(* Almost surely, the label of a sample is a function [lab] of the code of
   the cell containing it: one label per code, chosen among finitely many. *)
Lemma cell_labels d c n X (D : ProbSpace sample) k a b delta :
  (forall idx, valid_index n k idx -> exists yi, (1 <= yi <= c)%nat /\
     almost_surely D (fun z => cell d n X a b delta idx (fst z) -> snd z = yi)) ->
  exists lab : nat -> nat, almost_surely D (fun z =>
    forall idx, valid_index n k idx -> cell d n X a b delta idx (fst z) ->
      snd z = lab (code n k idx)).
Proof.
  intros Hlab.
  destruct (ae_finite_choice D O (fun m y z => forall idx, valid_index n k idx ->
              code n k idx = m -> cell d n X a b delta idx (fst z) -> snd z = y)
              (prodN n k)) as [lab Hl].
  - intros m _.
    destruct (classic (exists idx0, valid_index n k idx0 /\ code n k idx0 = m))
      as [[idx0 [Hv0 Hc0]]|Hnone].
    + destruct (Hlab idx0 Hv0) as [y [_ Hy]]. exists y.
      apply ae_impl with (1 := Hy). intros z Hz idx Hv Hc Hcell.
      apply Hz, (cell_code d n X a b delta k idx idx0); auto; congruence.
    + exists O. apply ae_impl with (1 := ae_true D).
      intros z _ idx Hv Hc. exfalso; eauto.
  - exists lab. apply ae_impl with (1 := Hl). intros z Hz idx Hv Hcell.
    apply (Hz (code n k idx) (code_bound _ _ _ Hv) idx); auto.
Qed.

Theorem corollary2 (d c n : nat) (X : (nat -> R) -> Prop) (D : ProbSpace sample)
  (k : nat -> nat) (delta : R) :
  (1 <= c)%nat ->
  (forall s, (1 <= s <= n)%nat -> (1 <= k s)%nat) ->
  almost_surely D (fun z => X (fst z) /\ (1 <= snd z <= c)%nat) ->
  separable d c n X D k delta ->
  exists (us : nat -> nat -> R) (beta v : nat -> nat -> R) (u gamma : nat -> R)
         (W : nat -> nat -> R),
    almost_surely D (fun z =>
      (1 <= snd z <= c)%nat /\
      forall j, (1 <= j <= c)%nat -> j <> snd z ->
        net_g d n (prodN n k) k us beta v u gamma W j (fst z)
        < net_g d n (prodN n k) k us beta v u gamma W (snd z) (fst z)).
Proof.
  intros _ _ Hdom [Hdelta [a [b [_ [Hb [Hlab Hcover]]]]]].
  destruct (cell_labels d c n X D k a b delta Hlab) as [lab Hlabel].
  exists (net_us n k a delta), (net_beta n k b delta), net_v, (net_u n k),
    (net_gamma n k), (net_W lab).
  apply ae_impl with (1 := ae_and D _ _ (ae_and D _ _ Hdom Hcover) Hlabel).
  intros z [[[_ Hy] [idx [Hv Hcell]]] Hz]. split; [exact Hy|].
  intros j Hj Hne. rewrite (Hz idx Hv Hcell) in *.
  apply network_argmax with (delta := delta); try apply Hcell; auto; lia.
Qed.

^^^^^^^^

Work through the records line by line and tally those that include the word "Hcover". Give the number alone.

2